All Generation 3 devices are compatible with TI’s C2000WARE software, which consists of a cohesive set of development tools that include device-specific drivers; math, DSP, and control libraries; utilities; hardware design schematics; and documentation. In addition, the TMS320F280013x is compatible with SysConfig, a GUI-based intuitive, comprehensive collection of graphical utilities for configuring pins, peripherals, radios, subsystems, and other components.
SysConfig offers full peripheral configuration, integrated tool support, dependency detection across modules, one-click setup of C2000 libraries, memory-configuration support, and board-component support to simplify migration and speed development.
Evaluation Module
To help you get started on designs based on the TMS320F280013x, TI offers the TMS320F2800137 controlCARD evaluation module (Fig. 3) for initial prototyping. The card, which works with the TI TMDSHSECDOCK docking station, includes an HSEC180 180-pin high-speed edge connector that makes available analog I/O, digital I/O, and JTAG signals.

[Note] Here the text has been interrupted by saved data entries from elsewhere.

(* Consider the two-layer multi-item order fulfillment problem described in the context with a single FDC ($K=1$). Let an algorithm produce a feasible plan $\{m_{k,t}^i\}$ with FDC inventories $I_{1,t}^i=I_{1,0}^i-\sum_{\tau\le t}m_{1,\tau}^i$, and let $\hat m_{1,t}^i=\min\{S_t^i,I_{1,t-1}^i\}$. Suppose that for every $i$ and $t$, either $m_{1,t}^i=\hat m_{1,t}^i$ or $m_{1,t}^i=0$. Let $\{m_{k,t}^{i,*}\}$ be an optimal offline plan. Fix an item $i$ and let $C_i=\{t:m_{1,t}^i>0\}$. Then for every set $B\subseteq[T]$ with $B\supseteq C_i$, \[\sum_{t\in B}\hat m_{1,t}^i\ \ge\ \sum_{t\in B}m_{1,t}^{i,*}.\]
   Context: Problem with one FDC (index $1$) and one RDC (index $0$, unlimited inventory). The FDC initially holds $I_{1,0}^i\ge0$ units of item $i\in[n]$, never replenished. In periods $t=1,\dots,T$ an order $\boldsymbol S_t=(S_t^i)_i$ of nonnegative integers arrives with variable costs $c_{k,t}^i$; a feasible plan chooses $m_{0,t}^i,m_{1,t}^i\ge0$ with $m_{0,t}^i+m_{1,t}^i=S_t^i$ and $\sum_{\tau\le t}m_{1,\tau}^i\le I_{1,0}^i$. The period cost is $\sum_{k=0,1}[f_k\mathbb{I}(\sum_im_{k,t}^i>0)+\sum_ic_{k,t}^im_{k,t}^i]$; an optimal offline plan minimizes total cost over all feasible plans with full knowledge of the instance. *)

From mathcomp Require Import all_boot all_order all_algebra.
Set Implicit Arguments. Unset Strict Implicit. Unset Printing Implicit Defensive.
Import Order.TTheory GRing.Theory Num.Theory.

(* Conventions: items are 'I_n; periods are the natural numbers t with
   1 <= t <= T.  A plan is a pair of functions m0 m1 : nat -> 'I_n -> nat
   (m_{0,t}^i and m_{1,t}^i); only their values at periods 1..T matter.
   Index 0 is the RDC, index 1 is the (single) FDC. *)

Definition fdc_inv (n : nat) (I0 : 'I_n -> nat) (m1 : nat -> 'I_n -> nat)
  (t : nat) (i : 'I_n) : nat :=
  I0 i - \sum_(1 <= tau < t.+1) m1 tau i.

(* Feasibility of a plan. Nonnegativity and integrality are built into nat. *)
Definition feasible (n T : nat) (I0 : 'I_n -> nat) (S : nat -> 'I_n -> nat)
  (m0 m1 : nat -> 'I_n -> nat) : Prop :=
  (forall t i, 1 <= t <= T -> m0 t i + m1 t i = S t i) /\
  (forall t i, 1 <= t <= T -> \sum_(1 <= tau < t.+1) m1 tau i <= I0 i).

Definition period_cost (R : numDomainType) (n : nat) (f0 f1 : R)
  (c0 c1 : nat -> 'I_n -> R) (m0 m1 : nat -> 'I_n -> nat) (t : nat) : R :=
  ((if (0 < \sum_(i < n) m0 t i)%N then f0 else 0)
     + \sum_(i < n) c0 t i * (m0 t i)%:R
   + ((if (0 < \sum_(i < n) m1 t i)%N then f1 else 0)
     + \sum_(i < n) c1 t i * (m1 t i)%:R))%R.

Definition total_cost (R : numDomainType) (n T : nat) (f0 f1 : R)
  (c0 c1 : nat -> 'I_n -> R) (m0 m1 : nat -> 'I_n -> nat) : R :=
  (\sum_(1 <= t < T.+1) period_cost f0 f1 c0 c1 m0 m1 t)%R.

Definition optimal_plan (R : numDomainType) (n T : nat) (I0 : 'I_n -> nat)
  (S : nat -> 'I_n -> nat) (f0 f1 : R) (c0 c1 : nat -> 'I_n -> R)
  (m0 m1 : nat -> 'I_n -> nat) : Prop :=
  feasible T I0 S m0 m1 /\
  forall m0' m1', feasible T I0 S m0' m1' ->
    (total_cost T f0 f1 c0 c1 m0 m1 <= total_cost T f0 f1 c0 c1 m0' m1')%R.

Definition mhat (n : nat) (I0 : 'I_n -> nat) (S : nat -> 'I_n -> nat)
  (m1 : nat -> 'I_n -> nat) (t : nat) (i : 'I_n) : nat :=
  minn (S t i) (fdc_inv I0 m1 t.-1 i).

From mathcomp Require Import all_boot all_order all_algebra.

Set Implicit Arguments.
Unset Strict Implicit.

(* When the optimal plan's period k+1 lies in B,
   either hat m_{1,k+1} = S_{k+1}, which bounds m*_{1,k+1}, or
   hat m_{1,k+1} = I_{1,k} = I_{1,0} - sum_{t<=k} m_{1,t}; in the latter case
   the whole cumulative shipment of the optimal plan is at most I_{1,0}, while
   the algorithm's shipments up to k are all of the form hat m_{1,t} with t in B. *)

Lemma sum_nat_recr_cond (P : pred nat) (F : nat -> nat) m k : m <= k ->
  \sum_(m <= t < k.+1 | P t) F t =
  \sum_(m <= t < k | P t) F t + (if P k then F k else 0).
Proof. by move=> le_mk; rewrite big_mkcond big_nat_recr // -big_mkcond. Qed.

Section SingleItem.

Variables (n T : nat) (I0 : 'I_n -> nat) (S : nat -> 'I_n -> nat).
Variables (m1 : nat -> 'I_n -> nat) (i : 'I_n) (B : pred nat).

Hypothesis m1_cum : forall t, 1 <= t <= T -> \sum_(1 <= tau < t.+1) m1 tau i <= I0 i.

Lemma fdc_inv_addK k : k <= T ->
  fdc_inv I0 m1 k i + \sum_(1 <= t < k.+1) m1 t i = I0 i.
Proof.
case: k => [|k] kT; first by rewrite /fdc_inv big_geq // subn0 addn0.
by rewrite /fdc_inv subnK //; apply: m1_cum.
Qed.

Hypothesis m1_mhat_or_0 : forall t, 1 <= t <= T ->
  m1 t i = mhat I0 S m1 t i \/ m1 t i = 0.
Hypothesis m1_supp_in_B : forall t, 1 <= t <= T -> 0 < m1 t i -> B t.

Lemma sum_m1_le_sum_mhat_in k : k <= T ->
  \sum_(1 <= t < k.+1) m1 t i <= \sum_(1 <= t < k.+1 | B t) mhat I0 S m1 t i.
Proof.
move=> kT; rewrite [leqRHS]big_mkcond !big_nat; apply: leq_sum => t /andP[t_ge1 t_lek].
have tT : 1 <= t <= T by rewrite t_ge1 -ltnS (leq_trans t_lek).
have [-> //|m1_gt0] := posnP (m1 t i).
case: (m1_mhat_or_0 tT) => [->|m1_eq0]; last by rewrite m1_eq0 in m1_gt0.
by rewrite m1_supp_in_B.
Qed.

Variable ms : nat -> nat.
Hypothesis ms_le_S : forall t, 1 <= t <= T -> ms t <= S t i.
Hypothesis ms_cum : forall t, 1 <= t <= T -> \sum_(1 <= tau < t.+1) ms tau <= I0 i.

Lemma sum_in_le_sum_mhat_in k : k <= T ->
  \sum_(1 <= t < k.+1 | B t) ms t <= \sum_(1 <= t < k.+1 | B t) mhat I0 S m1 t i.
Proof.
elim: k => [|k IHk] kT; first by rewrite !big_geq.
have kT1 : 1 <= k.+1 <= T by [].
rewrite !(@sum_nat_recr_cond _ _ 1 k.+1) //.
case Bk: (B k.+1); last by rewrite !addn0 IHk // ltnW.
rewrite [mhat _ _ _ k.+1 _]/mhat /=.
case: (leqP (S k.+1 i) (fdc_inv I0 m1 k i)) => [S_le | inv_lt].
  by rewrite leq_add ?IHk ?ms_le_S // ltnW.
have sum_ms_le : \sum_(1 <= t < k.+2 | B t) ms t <= I0 i.
  by apply: leq_trans (ms_cum kT1); rewrite [leqRHS](bigID B) /= leq_addr.
rewrite sum_nat_recr_cond // Bk in sum_ms_le.
apply: leq_trans sum_ms_le _.
rewrite -(fdc_inv_addK (ltnW kT)) addnC leq_add2r.
exact: sum_m1_le_sum_mhat_in (ltnW kT).
Qed.

End SingleItem.

Theorem mainTheorem13 (R : realFieldType) (n T : nat) (I0 : 'I_n -> nat)
  (Sd : nat -> 'I_n -> nat) (f0 f1 : R) (c0 c1 : nat -> 'I_n -> R)
  (m0 m1 : nat -> 'I_n -> nat)
  (Hfeas : feasible T I0 Sd m0 m1)
  (Hdich : forall (i : 'I_n) (t : nat), 1 <= t <= T ->
     m1 t i = mhat I0 Sd m1 t i \/ m1 t i = 0)
  (ms0 ms1 : nat -> 'I_n -> nat)
  (Hopt : optimal_plan T I0 Sd f0 f1 c0 c1 ms0 ms1)
  (i : 'I_n) (B : pred nat)
  (HB : forall t, B t -> 1 <= t <= T)
  (HCB : forall t, 1 <= t <= T -> 0 < m1 t i -> B t) :
  \sum_(1 <= t < T.+1 | B t) ms1 t i <= \sum_(1 <= t < T.+1 | B t) mhat I0 Sd m1 t i.
Proof.
have [[ms_split ms_cum] _] := Hopt.
have [_ m1_cum] := Hfeas.
have ms_le_S t : 1 <= t <= T -> ms1 t i <= Sd t i.
  by move=> tT; rewrite -(ms_split t i tT) leq_addl.
exact: (sum_in_le_sum_mhat_in (m1_cum^~ i) (Hdich i) HCB ms_le_S (ms_cum^~ i) (leqnn T)).
Qed.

The module’s isolated on-board XDS110 USB-to-JTAG debug probe enables real-time in-system programming and debugging, and hardware files are available for C2000Ware software. A USB-C cable connects the card to your computer and delivers 5 V at 500 mA to the card. You can use an external power supply if your design’s power requirements exceed the USB power limits.
With the controlCARD, you can experiment with a variety of real-time control issues, ranging from UART connectivity to clocking methodology. Of particular importance are the TMS320F280013x’s ADCs.
By default, the controlCARD comes with 0-W shunts in place of inline resistors at the ADC inputs, and it omits capacitors to the ground plane. The appropriate resistor and capacitor values can be chosen based on the characteristics of your input signals and requirements for settling time and other parameters such as signal-to-noise ratio (SNR), total harmonic distortion (THD), and signal-to-noise and distortion ratio (SINAD).
Conclusion
Low-cost MCUs like the TI TMS320F280013x provide an affordable way to add efficiency-boosting digital control to applications extending from household appliances to grid-connected distributed solar-power systems. To help ensure your success, TI provides a variety of resources, including reference designs and evaluation modules as well as the C2000 Academy, which offers interactive classes, advanced workshops, and videos.